The chemotherapy treatments necessary to treat Acute Myeloid Leukemia (AML) in children can be grueling on the body, and can cause health-related complications during therapy, as well as long down the road after remission. Children receiving chemotherapy for AML receive 4 to 5 intensive chemotherapy courses, and while some children recover quickly from each course, others may take several months or more, which increases their risk for life-threatening infections.
In a recent paper published in The Journal of Clinical Oncology, researchers from Baylor College of Medicine, Children's Oncology Group, University of Southern California, Hospital for Sick Children, Children's Mercy Hospitals and Clinics and University of Washington School of Medicine, discovered a way to predict which children are at highest risk for delayed recovery, a finding that may have significant implications for treatment-related morbidity and mortality.
The paper examines the role of telomeres in blood count recovery, particularly how the length of a patient's telomeres can indicate the rate of white blood cell recovery following chemotherapy treatment.
"Telomeres are the protective caps on chromosome ends that keep DNA from fraying as you age, much like the plastic end of a shoelace prevents it from unraveling. We were interested in telomere length as a marker of blood count recovery, because defects in telomere maintenance are known risks for bone marrow failure and aplastic anemia," said Dr. Maria Monica Gramatges, assistant professor of pediatric oncology at Baylor College of Medicine. "We know that up to 15-20% of children can take two months or longer to recover their blood counts after a course of AML chemotherapy. Our goal was to understand if these children had an underlying genetic predisposition associated with an impaired capacity for recovery."

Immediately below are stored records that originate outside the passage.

(* Let $G$ be a finite group and $H$ a normal subgroup of $G$. Then the extended subgroup sum graph $\Gamma^+_{G,H}$ admits a total perfect code if and only if $|G|$ is even and $|H|=2$.
   Context: For a normal subgroup $H$ of a finite group $G$, the extended subgroup sum graph $\Gamma^+_{G,H}$ is the simple undirected graph with vertex set $G$ in which distinct vertices $x,y$ are adjacent if and only if $xy\in H$. A total perfect code in a graph is a set $C$ of vertices such that every vertex of the graph (whether in $C$ or not) has exactly one neighbour in $C$. *)

From mathcomp Require Import all_boot all_fingroup.
Set Implicit Arguments.
Unset Strict Implicit.
Unset Printing Implicit Defensive.
Local Open Scope group_scope.

Definition ext_sum_adj (gT : finGroupType) (H : {set gT}) (x y : gT) : bool :=
  (x != y) && (x * y \in H).

Definition total_perfect_code (gT : finGroupType) (G : {set gT})
    (adj : gT -> gT -> bool) (C : {set gT}) : Prop :=
  C \subset G /\ forall v, v \in G -> #|[set c in C | adj v c]| = 1%N.

Definition has_total_perfect_code_ext_sum (gT : finGroupType) (G H : {set gT}) : Prop :=
  exists C : {set gT}, total_perfect_code G (ext_sum_adj H) C.

(** The neighbours of [v] in the extended sum graph are the elements of the
    coset [v^-1 H] other than [v], and since [H] is normal all elements of that
    coset have their square in [H] exactly when [v] does.  If [C] is a total
    perfect code, applying the condition to the vertices of [H] (whose
    neighbourhoods lie in [H]) forces [C] to contain all of [H] and [|H| = 2],
    so [|G|] is even.  Conversely, when [|H| = 2] take for [C] the elements
    whose square lies in [H] together with one element of each remaining coset:
    a vertex with square in [H] then sees exactly the other element of its
    coset [v^-1 H], and any other vertex sees exactly the chosen element. *)
From mathcomp Require Import all_boot all_fingroup.
Set Implicit Arguments.
Unset Strict Implicit.
Unset Printing Implicit Defensive.
Local Open Scope group_scope.

Lemma card2_of_cardsD1_eq1 (T : finType) (A S : {set T}) (a0 : T) :
  S \subset A -> a0 \in A -> {in A, forall a, #|S :\ a| = 1%N} -> #|A| = 2.
Proof.
move=> sSA Aa0 cardS1.
have [s defS] := cards1P (introT eqP (cardS1 a0 Aa0)).
have /setD1P [_ Ss] : s \in S :\ a0 by rewrite defS set11.
have cardS : #|S| = 2 by rewrite (cardsD1 s) Ss cardS1 ?(subsetP sSA).
suff -> : A = S by [].
apply/eqP; rewrite eqEsubset sSA andbT; apply/subsetP=> x Ax.
by have := cardsD1 x S; rewrite cardS cardS1 //; case: (x \in S).
Qed.

Section ExtendedSumGraph.

Variables (gT : finGroupType) (G H : {group gT}).

Lemma ext_sum_nbhdE (C : {set gT}) (v : gT) :
  [set c in C | ext_sum_adj H v c] = (C :&: v^-1 *: H) :\ v.
Proof.
by apply/setP=> c; rewrite !inE /ext_sum_adj mem_lcoset invgK eq_sym andbCA.
Qed.

Lemma mem_lcoset_sqr (v : gT) : (v \in v^-1 *: H) = (v * v \in H).
Proof. by rewrite mem_lcoset invgK. Qed.

Lemma lcoset_sub (x : gT) : H \subset G -> x \in G -> x *: H \subset G.
Proof.
move=> sHG Gx; apply/subsetP=> c; rewrite mem_lcoset => /(subsetP sHG).
by rewrite groupMl ?groupV.
Qed.

Lemma mem_repr_lcoset (x : gT) : repr (x *: H) \in x *: H.
Proof. exact: (mem_repr x) (lcoset_refl H x). Qed.

Lemma total_perfect_code_card (C : {set gT}) :
  H \subset G -> total_perfect_code G (ext_sum_adj H) C -> #|H| = 2.
Proof.
move=> sHG [_ codeC]; apply: (card2_of_cardsD1_eq1 (subsetIr C H) (group1 H)) => v Hv.
by rewrite -(codeC v (subsetP sHG v Hv)) ext_sum_nbhdE lcoset_id ?groupV.
Qed.

Hypothesis nHG : H <| G.

Lemma sqr_lcoset (v c : gT) :
  v \in G -> c \in v^-1 *: H -> (c * c \in H) = (v * v \in H).
Proof.
move=> Gv; rewrite mem_lcoset invgK => vcH.
have Nv : v \in 'N(H) := subsetP (normal_norm nHG) v Gv.
have cvH : c * v \in H.
  by rewrite -(memJ_norm _ Nv) /conjg !mulgA mulVg mul1g in vcH.
have -> : c * c = (c * v) * (v^-1 * v^-1) * (v * c) by rewrite !mulgA mulgK mulgKV.
by rewrite (groupMr _ vcH) (groupMl _ cvH) -invMg groupV.
Qed.

Definition sqr_code : {set gT} :=
  [set x in G | (x * x \in H) || (x == repr (x *: H))].

Lemma sqr_code_lcoset (v : gT) : v \in G ->
  sqr_code :&: v^-1 *: H =
    if v * v \in H then v^-1 *: H else [set repr (v^-1 *: H)].
Proof.
move=> Gv; set K := v^-1 *: H.
have KG := subsetP (lcoset_sub (normal_sub nHG) (groupVr Gv)).
have defK c : c \in K -> c *: H = K by move=> Kc; apply/lcoset_eqP.
case: ifPn => vvH; apply/setP=> c; rewrite !inE andbC;
  have [Kc | notKc] := boolP (c \in K) => //=.
- by rewrite KG // (sqr_lcoset Gv Kc) vvH.
- by rewrite KG // (sqr_lcoset Gv Kc) (negbTE vvH) defK.
- by case: eqP notKc => // ->; rewrite mem_repr_lcoset.
Qed.

Lemma sqr_code_total_perfect :
  #|H| = 2 -> total_perfect_code G (ext_sum_adj H) sqr_code.
Proof.
move=> cardH; split; first by apply/subsetP=> x; rewrite inE => /andP [].
move=> v Gv; rewrite ext_sum_nbhdE sqr_code_lcoset //.
case: ifPn => vvH.
  have := cardsD1 v (v^-1 *: H).
  by rewrite mem_lcoset_sqr vvH card_lcoset cardH => -[].
rewrite (setDidPl _) ?cards1 // disjoint_sym disjoints1 inE.
apply: contraNN vvH => /eqP vK; rewrite -mem_lcoset_sqr {1}vK.
exact: mem_repr_lcoset.
Qed.

End ExtendedSumGraph.

Theorem theorem6p3 (gT : finGroupType) (G H : {group gT}) :
  (H <| G)%g ->
  (has_total_perfect_code_ext_sum G H <-> (~~ odd #|G| /\ #|H| = 2%N)).
Proof.
move=> nHG; have sHG := normal_sub nHG; split.
- case=> C codeC; have cardH := total_perfect_code_card sHG codeC.
  by rewrite -dvdn2 -cardH cardSg.
- by case=> _ cardH; exists (sqr_code G H); apply: sqr_code_total_perfect.
Qed.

Gramatges and her colleagues hypothesized that short remission telomere length could be associated with a delay in blood count recovery in children receiving therapy for AML.
Gramatges obtained remission bone marrow samples following the first chemotherapy course from AML patients who recovered as expected (within 30 days) after each chemotherapy course, and from AML patients who experienced significant delays after chemotherapy. She then measured telomere length on each subject and categorized the group by quartile, from shortest to longest.
Subjects in the shortest telomere length quartile took the longest to recover, especially during the last two courses of chemotherapy, with some in that group not even recovering at all.
These findings support the hypothesis that telomeres are an indicator of capacity for blood count recovery following chemotherapy treatment.
Gramatges hopes the results of the AML project will be helpful in further understanding which children are at a higher risk for prolonged myelosuppression (low blood counts), and how to target those children at the highest risk for slow recovery with modified treatments, improved supportive care, and closer monitoring in order to prevent potential complications such as severe infections.
"A significant proportion of children with AML suffer from treatment-related toxicities, with some succumbing to complications of the therapies we give, rather than from the actual cancer itself," says Gramatges. "We hope this research will help us identify those who are at a higher risk for delayed recovery and use this knowledge to reduce the morbidity and mortality associated with AML treatment."